Younger children sometimes experience unexplained headaches or tummy aches. “Take them seriously,” Dr. Hoekstra-Weebers advises. Withdrawal at any age is a concern, as is aggressive or delinquent behavior. Common sense says that children who have had previous problems, such as anxiety, stress, depression, or other mental health issues, are probably at greater risk when cancer strikes a family.
Surprisingly, Dr. Hoekstra-Weebers has found no evidence that communication helps, but she trusts her instincts. “I still think children are helped when the parents talk about their illness.”
It’s also useful when kids do the talking. “Welcome all questions,” Dr. Rauch says, and probe a bit to make sure you know what’s really being asked. “The process of elaborating questions helps you understand what they’re asking,” she explains. Some suggestions: “That’s a really good question, what were you wondering about? Let me be sure I really understand … . What got you wondering about that?”
Answer too fast and you risk missing the real question. Research has shown that when time elapses between question and answer, the answers mean more to the kids.
Hayes-Cha and her husband spent some time talking with their four kids about how she got cancer to make sure they knew it wasn’t their fault. Her elder son was under the impression that cancer spread by hugging. Joanie blamed it on her infant twin brothers. “Their world is so different. The way they think about things is just amazing,” Hayes-Cha says. “Those conversations were the most enlightening as far as getting inside my kids’ heads.”
Harriet Berman, PhD, a child psychologist with The Wellness Community, suggests this conversational ploy should work at any age. “Ask your kid: ‘What is this like for you? Because I’ve never been 10 years old and had a parent with cancer. I really want to learn from you what this is like.’ ” Even if they won’t talk about it, it at least gives them tacit permission to talk with somebody.

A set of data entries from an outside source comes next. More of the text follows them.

Lemma raisable_inv w x y : raisable m.+1 (qf (w^-1)%g) x y -> raisable m.+1 (qf w) y x.
Proof. by case=> Hx Hy S1 S2; split; rewrite // /step_at /transpose !(qfT w). Qed.

Lemma descent_unique w p q : meet_irreducible (Qw w) ->
  descent (fw w) m p -> descent (fw w) m q -> p = q.
Proof.
rewrite Qw_qmap_of => Hmi /descent_raisable [y1 R1] /descent_raisable [y2 R2].
by have [[]] := raisable_unique Hmi (grid_qf w) R1 R2.
Qed.

Lemma inv_descent_unique w p q : meet_irreducible (Qw w) ->
  descent (fw (w^-1)%g) m p -> descent (fw (w^-1)%g) m q -> p = q.
Proof.
rewrite Qw_qmap_of => Hmi /descent_raisable [y1 /raisable_inv R1] /descent_raisable [y2 /raisable_inv R2].
by have [_ []] := raisable_unique Hmi (grid_qf w) R1 R2.
Qed.

Lemma ascent_of_not_descent w k : k < m -> ~ descent (fw w) m k -> fw w k < fw w k.+1.
Proof.
move=> Hk Hnd; case: ltngtP => // [Hd|E]; first by case: Hnd.
by have := fw_inj (w := w) (x := k) (y := k.+1) ltac:(lia) ltac:(lia) E; lia.
Qed.

Lemma identity_of_no_descent w : (forall p, ~ descent (fw w) m p) -> w = 1%g.
Proof.
move=> Hno; have asc k : 0 <= k -> k < m -> fw w k < fw w k.+1.
  by move=> _ Hk; apply: ascent_of_not_descent.
apply/permP => i; apply: val_inj; rewrite /= perm1 -fwE.
have hi : (i : nat) <= m by rewrite -ltnS ltn_ord.
have := incr_spread asc (leq0n 0) (leq0n i) hi.
have := incr_spread asc (leq0n i) hi (leqnn m).
by have := fw_lt w m; lia.
Qed.

Lemma single_descent_of_unique w : w <> 1%g ->
  (forall p q, descent (fw w) m p -> descent (fw w) m q -> p = q) ->
  exists p, single_descent (fw w) m p.
Proof.
move=> Hw1 Huniq.
have [p Dp] : exists p, descent (fw w) m p.
  have [/existsP [p Hp]|/existsPn Hno] := boolP [exists p : 'I_m, fw w p.+1 < fw w p].
    by exists p.
  case: Hw1; apply: identity_of_no_descent => p [Hp Hd].
  by have := Hno (Ordinal Hp); rewrite Hd.
exists p; split=> // k Hk Hkp; apply: ascent_of_not_descent => // Dk.
by apply: Hkp; apply: Huniq.
Qed.

(* The obstruction to associativity: if w(j) < w(k) for all k > j, then an
   associative Q(w) keeps w(k) <= j for all k <= j.  Otherwise, with
   t = w(j)+1, one finds Q(j+1,t) = t and Q(j+1,j+1) <= j, whence
   Q(j+1, Q(j+1,t)) = t > t - 1 = Q(j,t) >= Q(Q(j+1,j+1), t). *)
Lemma qassoc_closed w j : qassoc (Qw w) -> j <= m ->
  (forall k, j < k -> k <= m -> fw w j < fw w k) -> forall k, k <= j -> fw w k <= j.
Proof.
move=> Ha Hj Hrl k Hkj; rewrite leqNgt; apply/negP => Hfk.
have [R C] := grid_qf w.
set t := (fw w j).+1.
have Ht : t <= m.+1 by apply: fw_lt.
have Qa : qf w j.+1 t = t.
  rewrite qfT; suff : forall y, y <= t -> qf (w^-1)%g y j.+1 = y by apply.
  elim=> [|y IH] Hy; first by rewrite qf0.
  rewrite qfS; last lia.
  rewrite IH; last lia.
  case: (ltnP (fw (w^-1)%g y) j.+1) => [_|hc]; first by rewrite addn1.
  have := Hrl _ hc (fw_lt _ _); rewrite fwVK; lia.
have Qb : qf w j.+1 j.+1 <= j.
  have [_ l1] := row_spread R (i := k.+1) (i' := j.+1) (j := j.+1) ltac:(lia) ltac:(lia) ltac:(lia).
  have fkj : (fw w k < j.+1) = false by apply/negbTE; rewrite -leqNgt.
  rewrite (qfS w (x := k)) ?fkj in l1; last lia.
  have [l2 _] := row_spread C (i := j.+1) (i' := m.+1) (j := k) ltac:(lia) ltac:(lia) ltac:(lia).
  have [_ _ top _] := grid_boundary (grid_qf w) (i := k) (j := k) ltac:(lia) ltac:(lia).
  rewrite /transpose top in l2.
  lia.
have Qc : qf w j.+1 t = qf w j t + 1 by rewrite qfS // /t ltnSn.
have := f_equal val (Ha (inord j.+1) (inord j.+1) (inord t)).
rewrite !val_Qw !inordK ?Qa //; try lia.
have [l3 _] := row_spread R (i := qf w j.+1 j.+1) (i' := j) (j := t) Qb ltac:(lia) Ht.
lia.
Qed.

End PermutationGrid.

Section SingleDescent.

Variables (m p : nat) (f g : nat -> nat).
Hypothesis f_le : forall k, f k <= m.
Hypothesis fK : forall k, k <= m -> g (f k) = k.
Hypothesis f_single : single_descent f m p.

Lemma f_inj k l : k <= m -> l <= m -> f k = f l -> k = l.
Proof. by move=> Hk Hl E; rewrite -(fK Hk) -(fK Hl) E. Qed.

Lemma spread_low k l : k <= l -> l <= p -> f k + (l - k) <= f l.
Proof.
have [[Hp _] Hasc] := f_single.
by apply: (incr_spread (a := 0) (b := p)) => // i _ Hi; apply: Hasc; lia.
Qed.

Lemma spread_high k l : p < k -> k <= l -> l <= m -> f k + (l - k) <= f l.
Proof.
have [_ Hasc] := f_single => Hk.
by apply: (incr_spread (a := p.+1) (b := m)) => // i Hi Hi'; apply: Hasc; lia.
Qed.

Lemma ge_below_descent k : k <= p -> k <= f k.
Proof. by move=> Hk; have := spread_low (leq0n k) Hk; lia. Qed.

Lemma le_above_descent k : p < k -> k <= m -> f k <= k.
Proof. by move=> Hk Hkm; have := spread_high Hk Hkm (leqnn m); have := f_le m; lia. Qed.

Hypothesis f_closed : forall k, k <= p.+1 -> f k <= p.+1.

(* If moreover f maps [0,p+1] into itself, then f p = p+1 (else [0,p+1] would
   inject into [0,p]). *)
Lemma descent_top : f p = p.+1.
Proof.
have [[Hp Hd] _] := f_single.
have Hfp := ge_below_descent (leqnn p); have := f_closed (leqnSn p).
case: (ltngtP (f p) p.+1) => // Hlt _; exfalso.
apply: (@no_injection_into_smaller f p.+1) => [k l Hk Hl|k Hk]; first by apply: f_inj; lia.
have [->|Hkp] := eqVneq k p.+1; first lia.
have [->|Hkp'] := eqVneq k p; first lia.
by have := spread_low (k := k) (l := p) ltac:(lia) (leqnn p); lia.
Qed.

End SingleDescent.

Lemma adjacent_transposition_of_descents m p c (f g : nat -> nat) :
  (forall k, f k <= m) -> (forall k, g k <= m) ->
  (forall k, k <= m -> g (f k) = k) -> (forall k, k <= m -> f (g k) = k) ->
  single_descent f m p -> single_descent g m c ->
  (forall k, k <= p.+1 -> f k <= p.+1) -> (forall k, k <= c.+1 -> g k <= c.+1) ->
  forall i, i <= m -> f i = if i == p then p.+1 else if i == p.+1 then p else i.
Proof.
move=> f_le g_le fK gK Sf Sg Cf Cg.
have [[Hp _] _] := Sf; have [[Hc _] _] := Sg.
have fp : f p = p.+1 := descent_top fK Sf Cf.
have gc : g c = c.+1 := descent_top gK Sg Cg.
have gp1 : g p.+1 = p by rewrite -fp fK // ltnW.
have fc1 : f c.+1 = c by rewrite -gc gK // ltnW.
have Ecp : c = p.
  have := ge_below_descent Sg (k := p.+1); have := ge_below_descent Sf (k := c.+1).
  by rewrite gp1 fc1; lia.
subst c => i Hi; case: eqP => [->//|Hip]; case: eqP => [->//|Hip1].
have [Hlt|Hgt] := ltnP i p.
  have := spread_low Sf (k := i) (l := p) (ltnW Hlt) (leqnn p).
  have fi_ne : f i <> p by rewrite -fc1 => /(f_inj fK); lia.
  have := ge_below_descent Sg (k := f i); rewrite fK; last lia.
  by have := ge_below_descent Sf (k := i); lia.
have := spread_high Sf (k := p.+1) (l := i) (ltnSn p) ltac:(lia) Hi.
have fi_ne : f i <> p.+1 by rewrite -fp => /(f_inj fK); lia.
have := le_above_descent g_le Sg (k := f i); rewrite fK //.
by have := le_above_descent f_le Sf (k := i); have := f_le i; lia.
Qed.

Some kids know exactly what they need. Hillary Nelson’s son Ryan was 6 when she told him about her breast cancer and the treatment plan. He quickly set some ground rules: He didn’t want his friends to know, and he wanted her to wear a wig around him. In a letter to another boy, he confessed that he thought he’d laugh at her because she would look silly without hair.
Experts can speculate, says Berman, “but we can’t know the deep emotional impact without hearing it from them … . I don’t think there is any great wise way to know what your kid’s experience is, and to reconcile all of this. It’s about being patient and going through this experience together.”
Parents and children both need to process, she says: “Again and again. Because as we grow, the meaning of things changes dramatically.”